------ PROVIDED MATERIAL

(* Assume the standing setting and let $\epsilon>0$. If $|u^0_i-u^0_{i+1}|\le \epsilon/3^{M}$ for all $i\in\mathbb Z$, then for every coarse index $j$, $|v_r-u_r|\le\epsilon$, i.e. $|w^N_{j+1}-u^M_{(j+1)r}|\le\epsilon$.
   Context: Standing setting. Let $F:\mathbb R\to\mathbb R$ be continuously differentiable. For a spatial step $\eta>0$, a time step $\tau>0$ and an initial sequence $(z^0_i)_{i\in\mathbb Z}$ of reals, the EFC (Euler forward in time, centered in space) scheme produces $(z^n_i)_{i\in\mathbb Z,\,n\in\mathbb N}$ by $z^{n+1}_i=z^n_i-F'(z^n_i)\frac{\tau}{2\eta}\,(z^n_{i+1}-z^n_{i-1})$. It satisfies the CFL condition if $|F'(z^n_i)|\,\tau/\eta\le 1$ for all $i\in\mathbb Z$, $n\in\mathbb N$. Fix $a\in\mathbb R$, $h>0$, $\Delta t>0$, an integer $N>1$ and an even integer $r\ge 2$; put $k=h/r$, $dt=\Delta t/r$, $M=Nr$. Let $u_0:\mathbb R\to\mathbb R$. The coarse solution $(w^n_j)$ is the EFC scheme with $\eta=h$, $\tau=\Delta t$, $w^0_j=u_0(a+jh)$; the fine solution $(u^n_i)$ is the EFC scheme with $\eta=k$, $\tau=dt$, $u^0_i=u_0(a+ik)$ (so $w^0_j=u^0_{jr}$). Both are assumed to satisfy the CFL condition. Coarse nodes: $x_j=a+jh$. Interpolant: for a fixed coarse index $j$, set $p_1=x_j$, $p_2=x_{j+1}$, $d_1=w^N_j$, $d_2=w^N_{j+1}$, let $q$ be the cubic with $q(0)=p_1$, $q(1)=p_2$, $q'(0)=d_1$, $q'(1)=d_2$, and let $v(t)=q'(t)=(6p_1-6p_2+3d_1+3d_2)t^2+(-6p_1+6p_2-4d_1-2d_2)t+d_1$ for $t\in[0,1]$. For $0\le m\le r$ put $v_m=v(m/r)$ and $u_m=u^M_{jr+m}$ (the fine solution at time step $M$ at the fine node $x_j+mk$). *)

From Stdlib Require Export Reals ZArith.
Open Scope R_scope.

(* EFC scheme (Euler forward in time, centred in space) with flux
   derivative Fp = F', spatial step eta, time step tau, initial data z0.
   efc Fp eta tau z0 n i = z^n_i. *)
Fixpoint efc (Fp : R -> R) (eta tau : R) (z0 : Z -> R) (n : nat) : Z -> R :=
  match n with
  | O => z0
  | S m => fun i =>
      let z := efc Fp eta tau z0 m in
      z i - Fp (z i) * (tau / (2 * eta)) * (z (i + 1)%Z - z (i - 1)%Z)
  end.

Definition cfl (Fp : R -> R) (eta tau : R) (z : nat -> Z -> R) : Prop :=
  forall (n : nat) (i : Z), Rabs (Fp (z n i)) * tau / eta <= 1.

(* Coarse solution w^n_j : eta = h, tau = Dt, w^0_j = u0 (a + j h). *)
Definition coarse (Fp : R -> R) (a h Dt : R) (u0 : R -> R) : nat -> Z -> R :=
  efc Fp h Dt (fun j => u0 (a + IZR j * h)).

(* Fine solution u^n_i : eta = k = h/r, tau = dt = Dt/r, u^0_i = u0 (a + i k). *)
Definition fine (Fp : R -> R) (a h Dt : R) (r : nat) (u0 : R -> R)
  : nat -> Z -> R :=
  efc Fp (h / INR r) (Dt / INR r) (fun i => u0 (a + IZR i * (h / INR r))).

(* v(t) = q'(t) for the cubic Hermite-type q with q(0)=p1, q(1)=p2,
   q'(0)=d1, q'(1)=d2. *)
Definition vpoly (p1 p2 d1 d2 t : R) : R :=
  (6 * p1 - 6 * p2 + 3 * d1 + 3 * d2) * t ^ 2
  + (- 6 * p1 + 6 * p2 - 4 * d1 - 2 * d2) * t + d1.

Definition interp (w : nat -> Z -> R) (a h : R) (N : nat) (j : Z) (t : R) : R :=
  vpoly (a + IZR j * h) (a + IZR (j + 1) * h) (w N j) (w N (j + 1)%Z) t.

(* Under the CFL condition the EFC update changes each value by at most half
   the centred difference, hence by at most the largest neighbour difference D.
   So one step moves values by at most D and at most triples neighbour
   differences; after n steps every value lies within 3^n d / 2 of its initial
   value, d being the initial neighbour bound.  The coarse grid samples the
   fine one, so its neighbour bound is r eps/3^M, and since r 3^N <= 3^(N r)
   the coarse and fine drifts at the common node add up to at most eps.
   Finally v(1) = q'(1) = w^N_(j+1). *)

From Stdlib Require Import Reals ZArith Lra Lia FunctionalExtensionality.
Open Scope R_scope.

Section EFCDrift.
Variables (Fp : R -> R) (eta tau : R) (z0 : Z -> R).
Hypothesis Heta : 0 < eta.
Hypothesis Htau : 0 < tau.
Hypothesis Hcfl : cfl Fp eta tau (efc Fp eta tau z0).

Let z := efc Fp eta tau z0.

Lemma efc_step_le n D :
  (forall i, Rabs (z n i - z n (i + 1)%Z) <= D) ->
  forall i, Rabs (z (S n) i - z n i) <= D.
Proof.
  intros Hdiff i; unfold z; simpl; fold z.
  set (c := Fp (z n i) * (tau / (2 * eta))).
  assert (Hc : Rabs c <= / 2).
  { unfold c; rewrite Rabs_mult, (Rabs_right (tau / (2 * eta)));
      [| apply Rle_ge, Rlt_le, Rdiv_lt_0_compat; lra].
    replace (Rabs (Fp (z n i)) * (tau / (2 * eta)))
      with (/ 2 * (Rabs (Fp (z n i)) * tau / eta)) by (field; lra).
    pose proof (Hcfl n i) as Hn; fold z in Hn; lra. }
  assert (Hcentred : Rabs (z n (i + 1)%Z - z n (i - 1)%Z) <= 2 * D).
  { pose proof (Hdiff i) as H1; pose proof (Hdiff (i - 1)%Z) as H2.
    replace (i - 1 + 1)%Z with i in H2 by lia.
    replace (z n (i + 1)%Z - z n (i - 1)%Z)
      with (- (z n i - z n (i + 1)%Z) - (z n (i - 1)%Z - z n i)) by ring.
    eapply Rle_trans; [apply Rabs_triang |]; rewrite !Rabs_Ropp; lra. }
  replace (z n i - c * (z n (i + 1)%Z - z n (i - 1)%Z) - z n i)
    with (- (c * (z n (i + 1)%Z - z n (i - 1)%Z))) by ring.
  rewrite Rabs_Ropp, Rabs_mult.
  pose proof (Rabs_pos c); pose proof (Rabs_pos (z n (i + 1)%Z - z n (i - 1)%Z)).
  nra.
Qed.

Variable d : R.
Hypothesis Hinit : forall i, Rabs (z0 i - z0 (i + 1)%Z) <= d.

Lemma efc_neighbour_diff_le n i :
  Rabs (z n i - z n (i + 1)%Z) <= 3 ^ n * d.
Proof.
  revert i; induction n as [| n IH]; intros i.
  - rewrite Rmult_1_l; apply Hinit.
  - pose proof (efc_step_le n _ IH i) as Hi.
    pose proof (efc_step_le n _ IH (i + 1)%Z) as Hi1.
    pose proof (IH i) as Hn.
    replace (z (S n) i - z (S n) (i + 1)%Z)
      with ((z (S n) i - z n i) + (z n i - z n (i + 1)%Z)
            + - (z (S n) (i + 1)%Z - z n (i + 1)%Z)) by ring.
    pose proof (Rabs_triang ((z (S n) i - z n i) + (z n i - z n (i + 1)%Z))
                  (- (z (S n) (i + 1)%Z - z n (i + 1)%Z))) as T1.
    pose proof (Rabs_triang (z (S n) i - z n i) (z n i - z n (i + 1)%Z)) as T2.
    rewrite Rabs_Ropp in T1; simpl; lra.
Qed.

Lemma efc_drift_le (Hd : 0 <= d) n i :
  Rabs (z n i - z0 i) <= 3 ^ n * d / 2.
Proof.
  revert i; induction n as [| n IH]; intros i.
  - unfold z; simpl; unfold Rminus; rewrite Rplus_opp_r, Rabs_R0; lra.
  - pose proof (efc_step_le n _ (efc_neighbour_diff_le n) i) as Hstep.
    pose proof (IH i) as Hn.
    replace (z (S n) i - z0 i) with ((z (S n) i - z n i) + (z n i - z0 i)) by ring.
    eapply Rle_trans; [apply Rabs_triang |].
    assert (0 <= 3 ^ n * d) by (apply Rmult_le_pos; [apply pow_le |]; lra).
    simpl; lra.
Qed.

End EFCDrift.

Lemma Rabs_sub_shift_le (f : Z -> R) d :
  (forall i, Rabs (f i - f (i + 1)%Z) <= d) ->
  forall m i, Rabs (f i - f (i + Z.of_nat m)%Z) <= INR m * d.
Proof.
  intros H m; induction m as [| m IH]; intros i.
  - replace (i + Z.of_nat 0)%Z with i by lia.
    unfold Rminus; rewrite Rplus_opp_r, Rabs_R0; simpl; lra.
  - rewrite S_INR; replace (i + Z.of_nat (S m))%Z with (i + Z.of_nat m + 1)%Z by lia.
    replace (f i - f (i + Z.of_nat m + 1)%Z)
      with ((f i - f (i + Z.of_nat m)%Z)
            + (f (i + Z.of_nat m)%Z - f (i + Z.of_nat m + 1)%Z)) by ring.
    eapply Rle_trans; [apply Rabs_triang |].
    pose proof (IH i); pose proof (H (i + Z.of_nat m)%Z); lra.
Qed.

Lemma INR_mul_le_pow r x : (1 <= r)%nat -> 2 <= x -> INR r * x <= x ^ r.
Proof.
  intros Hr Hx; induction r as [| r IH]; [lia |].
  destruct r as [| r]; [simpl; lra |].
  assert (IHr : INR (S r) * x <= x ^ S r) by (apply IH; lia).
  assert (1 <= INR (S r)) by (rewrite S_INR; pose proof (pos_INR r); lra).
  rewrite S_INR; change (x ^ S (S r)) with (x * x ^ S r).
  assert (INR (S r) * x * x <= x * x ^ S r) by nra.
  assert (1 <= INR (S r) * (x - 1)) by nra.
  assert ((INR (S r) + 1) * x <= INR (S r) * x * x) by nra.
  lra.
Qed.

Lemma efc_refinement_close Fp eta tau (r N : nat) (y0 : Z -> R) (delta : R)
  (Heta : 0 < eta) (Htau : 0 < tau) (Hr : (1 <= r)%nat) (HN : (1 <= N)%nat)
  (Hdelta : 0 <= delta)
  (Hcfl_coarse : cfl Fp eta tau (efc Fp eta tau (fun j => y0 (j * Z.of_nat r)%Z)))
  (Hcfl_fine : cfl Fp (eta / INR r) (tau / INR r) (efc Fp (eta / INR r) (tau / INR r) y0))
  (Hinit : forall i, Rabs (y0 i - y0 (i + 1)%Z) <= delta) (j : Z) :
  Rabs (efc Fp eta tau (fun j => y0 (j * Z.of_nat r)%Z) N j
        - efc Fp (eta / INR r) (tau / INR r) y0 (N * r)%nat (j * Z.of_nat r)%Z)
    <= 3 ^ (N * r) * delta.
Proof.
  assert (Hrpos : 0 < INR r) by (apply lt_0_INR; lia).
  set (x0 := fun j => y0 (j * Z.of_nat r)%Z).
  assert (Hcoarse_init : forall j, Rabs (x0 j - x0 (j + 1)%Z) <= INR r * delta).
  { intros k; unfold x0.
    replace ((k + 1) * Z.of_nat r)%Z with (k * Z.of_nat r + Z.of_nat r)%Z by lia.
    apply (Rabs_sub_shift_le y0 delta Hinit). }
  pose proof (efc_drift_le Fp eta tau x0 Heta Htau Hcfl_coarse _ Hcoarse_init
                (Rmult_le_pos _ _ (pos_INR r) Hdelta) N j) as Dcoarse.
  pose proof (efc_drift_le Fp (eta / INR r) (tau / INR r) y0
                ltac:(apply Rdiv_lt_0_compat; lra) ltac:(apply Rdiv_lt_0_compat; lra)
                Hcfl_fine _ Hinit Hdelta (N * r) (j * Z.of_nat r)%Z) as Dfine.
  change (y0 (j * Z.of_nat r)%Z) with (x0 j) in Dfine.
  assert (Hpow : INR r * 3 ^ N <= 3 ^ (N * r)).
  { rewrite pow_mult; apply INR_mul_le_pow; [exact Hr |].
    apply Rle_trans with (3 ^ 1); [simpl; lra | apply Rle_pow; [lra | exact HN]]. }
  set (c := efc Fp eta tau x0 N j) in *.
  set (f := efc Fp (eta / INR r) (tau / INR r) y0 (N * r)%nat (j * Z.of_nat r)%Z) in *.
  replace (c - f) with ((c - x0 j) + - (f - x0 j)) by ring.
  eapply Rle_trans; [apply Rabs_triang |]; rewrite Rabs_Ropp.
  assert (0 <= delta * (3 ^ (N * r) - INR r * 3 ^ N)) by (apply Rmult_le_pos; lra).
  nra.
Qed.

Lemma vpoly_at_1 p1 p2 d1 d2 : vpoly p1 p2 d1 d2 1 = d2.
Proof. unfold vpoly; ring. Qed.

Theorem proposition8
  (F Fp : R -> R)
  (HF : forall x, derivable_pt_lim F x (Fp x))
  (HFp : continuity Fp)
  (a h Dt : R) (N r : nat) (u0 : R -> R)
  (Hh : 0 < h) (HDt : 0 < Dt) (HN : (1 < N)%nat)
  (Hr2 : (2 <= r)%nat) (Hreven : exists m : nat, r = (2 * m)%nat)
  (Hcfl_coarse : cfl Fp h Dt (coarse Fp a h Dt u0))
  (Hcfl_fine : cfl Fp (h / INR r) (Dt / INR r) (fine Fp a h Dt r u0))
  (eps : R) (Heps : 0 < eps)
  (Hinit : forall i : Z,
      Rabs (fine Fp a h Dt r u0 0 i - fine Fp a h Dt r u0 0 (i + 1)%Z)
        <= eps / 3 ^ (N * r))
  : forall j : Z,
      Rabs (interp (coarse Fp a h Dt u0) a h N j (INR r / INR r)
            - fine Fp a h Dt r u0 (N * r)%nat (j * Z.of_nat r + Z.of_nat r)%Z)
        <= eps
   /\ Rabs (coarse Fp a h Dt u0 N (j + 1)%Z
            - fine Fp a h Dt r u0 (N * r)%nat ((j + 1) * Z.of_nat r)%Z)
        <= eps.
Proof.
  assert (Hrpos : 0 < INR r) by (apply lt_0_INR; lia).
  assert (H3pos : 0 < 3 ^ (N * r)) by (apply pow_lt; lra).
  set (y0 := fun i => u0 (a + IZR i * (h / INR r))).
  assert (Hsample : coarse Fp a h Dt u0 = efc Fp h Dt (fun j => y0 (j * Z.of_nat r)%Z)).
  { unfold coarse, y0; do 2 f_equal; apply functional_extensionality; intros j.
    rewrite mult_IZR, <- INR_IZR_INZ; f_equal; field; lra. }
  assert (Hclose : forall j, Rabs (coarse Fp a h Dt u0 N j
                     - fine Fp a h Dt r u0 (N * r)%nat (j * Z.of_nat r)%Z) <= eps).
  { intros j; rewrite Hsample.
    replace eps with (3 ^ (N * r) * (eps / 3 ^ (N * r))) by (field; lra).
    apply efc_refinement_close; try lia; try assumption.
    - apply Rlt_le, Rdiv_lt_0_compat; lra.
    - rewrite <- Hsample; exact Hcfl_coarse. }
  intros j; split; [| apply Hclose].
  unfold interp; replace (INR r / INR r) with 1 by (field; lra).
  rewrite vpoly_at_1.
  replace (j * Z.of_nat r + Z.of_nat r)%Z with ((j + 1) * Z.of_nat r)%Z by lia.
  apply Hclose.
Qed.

------------
------ PROVIDED MATERIAL

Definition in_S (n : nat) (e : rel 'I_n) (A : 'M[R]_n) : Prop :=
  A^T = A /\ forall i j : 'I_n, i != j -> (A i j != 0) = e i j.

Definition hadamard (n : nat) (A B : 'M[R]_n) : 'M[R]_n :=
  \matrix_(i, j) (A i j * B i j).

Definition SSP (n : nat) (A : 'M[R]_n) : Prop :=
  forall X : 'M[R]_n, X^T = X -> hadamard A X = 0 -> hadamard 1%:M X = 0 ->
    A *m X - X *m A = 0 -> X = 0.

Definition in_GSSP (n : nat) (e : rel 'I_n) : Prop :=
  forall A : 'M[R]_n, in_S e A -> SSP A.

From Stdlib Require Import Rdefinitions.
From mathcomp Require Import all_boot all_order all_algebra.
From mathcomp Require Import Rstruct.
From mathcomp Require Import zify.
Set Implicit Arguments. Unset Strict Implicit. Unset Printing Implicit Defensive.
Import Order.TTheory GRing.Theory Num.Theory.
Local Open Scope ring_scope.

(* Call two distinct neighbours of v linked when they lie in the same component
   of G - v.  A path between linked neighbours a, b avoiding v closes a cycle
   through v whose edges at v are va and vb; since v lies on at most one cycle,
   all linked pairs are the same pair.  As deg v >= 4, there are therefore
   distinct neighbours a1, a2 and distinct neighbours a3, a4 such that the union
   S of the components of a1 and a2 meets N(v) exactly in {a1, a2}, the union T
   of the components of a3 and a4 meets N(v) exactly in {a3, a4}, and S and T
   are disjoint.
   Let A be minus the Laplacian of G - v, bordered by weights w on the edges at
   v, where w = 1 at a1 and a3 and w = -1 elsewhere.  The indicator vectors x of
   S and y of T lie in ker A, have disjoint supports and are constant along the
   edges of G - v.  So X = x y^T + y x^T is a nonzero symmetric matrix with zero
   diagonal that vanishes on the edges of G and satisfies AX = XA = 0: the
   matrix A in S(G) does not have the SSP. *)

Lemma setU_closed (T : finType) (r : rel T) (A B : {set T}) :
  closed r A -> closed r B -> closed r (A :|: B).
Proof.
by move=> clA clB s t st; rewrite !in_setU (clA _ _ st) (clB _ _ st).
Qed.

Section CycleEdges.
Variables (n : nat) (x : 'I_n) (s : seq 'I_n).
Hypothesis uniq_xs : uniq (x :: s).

------------

_EXERCISE DIRECTIONS:_ Only the lines above from the one with "(* Assume the" up to and including the one with "Fixpoint efc (Fp" should be repeated, exactly as written.

_ANSWER TO THIS TASK:_
(* Assume the standing setting and let $\epsilon>0$. If $|u^0_i-u^0_{i+1}|\le \epsilon/3^{M}$ for all $i\in\mathbb Z$, then for every coarse index $j$, $|v_r-u_r|\le\epsilon$, i.e. $|w^N_{j+1}-u^M_{(j+1)r}|\le\epsilon$.
   Context: Standing setting. Let $F:\mathbb R\to\mathbb R$ be continuously differentiable. For a spatial step $\eta>0$, a time step $\tau>0$ and an initial sequence $(z^0_i)_{i\in\mathbb Z}$ of reals, the EFC (Euler forward in time, centered in space) scheme produces $(z^n_i)_{i\in\mathbb Z,\,n\in\mathbb N}$ by $z^{n+1}_i=z^n_i-F'(z^n_i)\frac{\tau}{2\eta}\,(z^n_{i+1}-z^n_{i-1})$. It satisfies the CFL condition if $|F'(z^n_i)|\,\tau/\eta\le 1$ for all $i\in\mathbb Z$, $n\in\mathbb N$. Fix $a\in\mathbb R$, $h>0$, $\Delta t>0$, an integer $N>1$ and an even integer $r\ge 2$; put $k=h/r$, $dt=\Delta t/r$, $M=Nr$. Let $u_0:\mathbb R\to\mathbb R$. The coarse solution $(w^n_j)$ is the EFC scheme with $\eta=h$, $\tau=\Delta t$, $w^0_j=u_0(a+jh)$; the fine solution $(u^n_i)$ is the EFC scheme with $\eta=k$, $\tau=dt$, $u^0_i=u_0(a+ik)$ (so $w^0_j=u^0_{jr}$). Both are assumed to satisfy the CFL condition. Coarse nodes: $x_j=a+jh$. Interpolant: for a fixed coarse index $j$, set $p_1=x_j$, $p_2=x_{j+1}$, $d_1=w^N_j$, $d_2=w^N_{j+1}$, let $q$ be the cubic with $q(0)=p_1$, $q(1)=p_2$, $q'(0)=d_1$, $q'(1)=d_2$, and let $v(t)=q'(t)=(6p_1-6p_2+3d_1+3d_2)t^2+(-6p_1+6p_2-4d_1-2d_2)t+d_1$ for $t\in[0,1]$. For $0\le m\le r$ put $v_m=v(m/r)$ and $u_m=u^M_{jr+m}$ (the fine solution at time step $M$ at the fine node $x_j+mk$). *)

From Stdlib Require Export Reals ZArith.
Open Scope R_scope.

(* EFC scheme (Euler forward in time, centred in space) with flux
   derivative Fp = F', spatial step eta, time step tau, initial data z0.
   efc Fp eta tau z0 n i = z^n_i. *)
Fixpoint efc (Fp : R -> R) (eta tau : R) (z0 : Z -> R) (n : nat) : Z -> R :=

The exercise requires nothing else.